* [To do]: Your response should consist of the full data, set down exactly.

* [Collected material]:
═══
(* For every set of formulas $\Gamma$ and every formula $\varphi$: $\Gamma\vdash_{\mathsf{B}^{\Box}}\varphi$ if and only if $\Gamma\models^{l}_{\mathsf{B}^{\Box}}\varphi$.
   Context: Formulas are built from a countably infinite set of propositional variables and the constants $0,1$ using the unary connectives $\neg$, $J_2$, $\Box$ and the binary connective $\vee$. Abbreviations: $\varphi\wedge\psi:=\neg(\neg\varphi\vee\neg\psi)$, $\varphi\to\psi:=\neg\varphi\vee\psi$, $\varphi\leftrightarrow\psi:=(\varphi\to\psi)\wedge(\psi\to\varphi)$, $J_0\varphi:=J_2\neg\varphi$, $J_1\varphi:=\neg(J_2\varphi\vee J_2\neg\varphi)$, $+\varphi:=\neg J_1\varphi$, $\varphi\equiv\psi:=(J_2\varphi\leftrightarrow J_2\psi)\wedge(J_0\varphi\leftrightarrow J_0\psi)$. Syntax: $\vdash_{\mathsf{B}^{\Box}}$ is given by the Hilbert calculus whose axioms are all instances of: $\varphi\vee\varphi\equiv\varphi$; $\varphi\vee\psi\equiv\psi\vee\varphi$; $(\varphi\vee\psi)\vee\chi\equiv\varphi\vee(\psi\vee\chi)$; $\varphi\vee0\equiv\varphi$; $\neg\neg\varphi\equiv\varphi$; $\neg(\varphi\vee\psi)\equiv\neg\varphi\wedge\neg\psi$; $\neg1\equiv0$; $\varphi\wedge(\psi\vee\chi)\equiv(\varphi\wedge\psi)\vee(\varphi\wedge\chi)$; $J_0J_2\varphi\leftrightarrow\neg J_2\varphi$; $J_2\varphi\leftrightarrow\neg(J_0\varphi\vee J_1\varphi)$; $(J_2\varphi\vee\neg J_2\varphi)\leftrightarrow1$; $J_2(\varphi\vee\psi)\leftrightarrow(J_2\varphi\wedge J_2\psi)\vee(J_2\varphi\wedge J_0\psi)\vee(J_0\varphi\wedge J_2\psi)$; $\Box(J_2\varphi\to J_2\psi)\to(\Box J_2\varphi\to\Box J_2\psi)$; $+\varphi\leftrightarrow+\Box\varphi$; $J_2\Box\varphi\to\Box J_2\varphi$; $J_0\Box\varphi\to\neg\Box J_0\neg\varphi$; rules: from $J_2\varphi\leftrightarrow J_2\psi$ and $J_0\varphi\leftrightarrow J_0\psi$ infer $\varphi\equiv\psi$; from $\varphi$ infer $J_2\varphi\leftrightarrow1$; from $J_2\varphi\leftrightarrow1$ infer $\varphi$; necessitation: if $\vdash\varphi$ then $\vdash\Box\varphi$ (only for theorems). Semantics: let $\mathbf{WK}^e$ be the algebra on $\{0,\tfrac12,1\}$ with $\neg0=1$, $\neg1=0$, $\neg\tfrac12=\tfrac12$; $a\vee b=\tfrac12$ if $a=\tfrac12$ or $b=\tfrac12$, otherwise $a\vee b=\max(a,b)$; $J_2(1)=1$, $J_2(\tfrac12)=J_2(0)=0$. A Bochvar-Kripke model is a triple $(W,R,v)$ with $W\neq\emptyset$, $R\subseteq W\times W$, $v:W\times\mathrm{Fm}\to\{0,\tfrac12,1\}$ such that for each $w$, $v(w,\cdot)$ commutes with $\neg,\vee,J_2,0,1$ as computed in $\mathbf{WK}^e$, and: $v(w,\Box\varphi)=\tfrac12$ iff $v(w,\varphi)=\tfrac12$; $v(w,\Box\varphi)=1$ iff $v(w,\varphi)\neq\tfrac12$ and $v(s,\varphi)=1$ for all $s$ with $wRs$; $v(w,\Box\varphi)=0$ iff $v(w,\varphi)\neq\tfrac12$ and $v(s,\varphi)\neq1$ for some $s$ with $wRs$. Local consequence: $\Gamma\models^l_{\mathsf{B}^{\Box}}\varphi$ iff for every Bochvar-Kripke model $(W,R,v)$ and every $w\in W$, if $v(w,\gamma)=1$ for all $\gamma\in\Gamma$ then $v(w,\varphi)=1$.
   Formalization: The calculus $\vdash_{\mathsf{B}^{\Box}}$ also has modus ponens and, as axioms, all classical tautologies in ¬, ∨, 0, 1 whose atoms are formulas $J_2\psi$ or $\Box\chi$ with χ built from 0, 1 and such formulas by ¬, ∨, □. The paper assumes this as well. *)

From Stdlib Require Import Bool.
═══
* [Expected output]:
(* For every set of formulas $\Gamma$ and every formula $\varphi$: $\Gamma\vdash_{\mathsf{B}^{\Box}}\varphi$ if and only if $\Gamma\models^{l}_{\mathsf{B}^{\Box}}\varphi$.
   Context: Formulas are built from a countably infinite set of propositional variables and the constants $0,1$ using the unary connectives $\neg$, $J_2$, $\Box$ and the binary connective $\vee$. Abbreviations: $\varphi\wedge\psi:=\neg(\neg\varphi\vee\neg\psi)$, $\varphi\to\psi:=\neg\varphi\vee\psi$, $\varphi\leftrightarrow\psi:=(\varphi\to\psi)\wedge(\psi\to\varphi)$, $J_0\varphi:=J_2\neg\varphi$, $J_1\varphi:=\neg(J_2\varphi\vee J_2\neg\varphi)$, $+\varphi:=\neg J_1\varphi$, $\varphi\equiv\psi:=(J_2\varphi\leftrightarrow J_2\psi)\wedge(J_0\varphi\leftrightarrow J_0\psi)$. Syntax: $\vdash_{\mathsf{B}^{\Box}}$ is given by the Hilbert calculus whose axioms are all instances of: $\varphi\vee\varphi\equiv\varphi$; $\varphi\vee\psi\equiv\psi\vee\varphi$; $(\varphi\vee\psi)\vee\chi\equiv\varphi\vee(\psi\vee\chi)$; $\varphi\vee0\equiv\varphi$; $\neg\neg\varphi\equiv\varphi$; $\neg(\varphi\vee\psi)\equiv\neg\varphi\wedge\neg\psi$; $\neg1\equiv0$; $\varphi\wedge(\psi\vee\chi)\equiv(\varphi\wedge\psi)\vee(\varphi\wedge\chi)$; $J_0J_2\varphi\leftrightarrow\neg J_2\varphi$; $J_2\varphi\leftrightarrow\neg(J_0\varphi\vee J_1\varphi)$; $(J_2\varphi\vee\neg J_2\varphi)\leftrightarrow1$; $J_2(\varphi\vee\psi)\leftrightarrow(J_2\varphi\wedge J_2\psi)\vee(J_2\varphi\wedge J_0\psi)\vee(J_0\varphi\wedge J_2\psi)$; $\Box(J_2\varphi\to J_2\psi)\to(\Box J_2\varphi\to\Box J_2\psi)$; $+\varphi\leftrightarrow+\Box\varphi$; $J_2\Box\varphi\to\Box J_2\varphi$; $J_0\Box\varphi\to\neg\Box J_0\neg\varphi$; rules: from $J_2\varphi\leftrightarrow J_2\psi$ and $J_0\varphi\leftrightarrow J_0\psi$ infer $\varphi\equiv\psi$; from $\varphi$ infer $J_2\varphi\leftrightarrow1$; from $J_2\varphi\leftrightarrow1$ infer $\varphi$; necessitation: if $\vdash\varphi$ then $\vdash\Box\varphi$ (only for theorems). Semantics: let $\mathbf{WK}^e$ be the algebra on $\{0,\tfrac12,1\}$ with $\neg0=1$, $\neg1=0$, $\neg\tfrac12=\tfrac12$; $a\vee b=\tfrac12$ if $a=\tfrac12$ or $b=\tfrac12$, otherwise $a\vee b=\max(a,b)$; $J_2(1)=1$, $J_2(\tfrac12)=J_2(0)=0$. A Bochvar-Kripke model is a triple $(W,R,v)$ with $W\neq\emptyset$, $R\subseteq W\times W$, $v:W\times\mathrm{Fm}\to\{0,\tfrac12,1\}$ such that for each $w$, $v(w,\cdot)$ commutes with $\neg,\vee,J_2,0,1$ as computed in $\mathbf{WK}^e$, and: $v(w,\Box\varphi)=\tfrac12$ iff $v(w,\varphi)=\tfrac12$; $v(w,\Box\varphi)=1$ iff $v(w,\varphi)\neq\tfrac12$ and $v(s,\varphi)=1$ for all $s$ with $wRs$; $v(w,\Box\varphi)=0$ iff $v(w,\varphi)\neq\tfrac12$ and $v(s,\varphi)\neq1$ for some $s$ with $wRs$. Local consequence: $\Gamma\models^l_{\mathsf{B}^{\Box}}\varphi$ iff for every Bochvar-Kripke model $(W,R,v)$ and every $w\in W$, if $v(w,\gamma)=1$ for all $\gamma\in\Gamma$ then $v(w,\varphi)=1$.
   Formalization: The calculus $\vdash_{\mathsf{B}^{\Box}}$ also has modus ponens and, as axioms, all classical tautologies in ¬, ∨, 0, 1 whose atoms are formulas $J_2\psi$ or $\Box\chi$ with χ built from 0, 1 and such formulas by ¬, ∨, □. The paper assumes this as well. *)

From Stdlib Require Import Bool.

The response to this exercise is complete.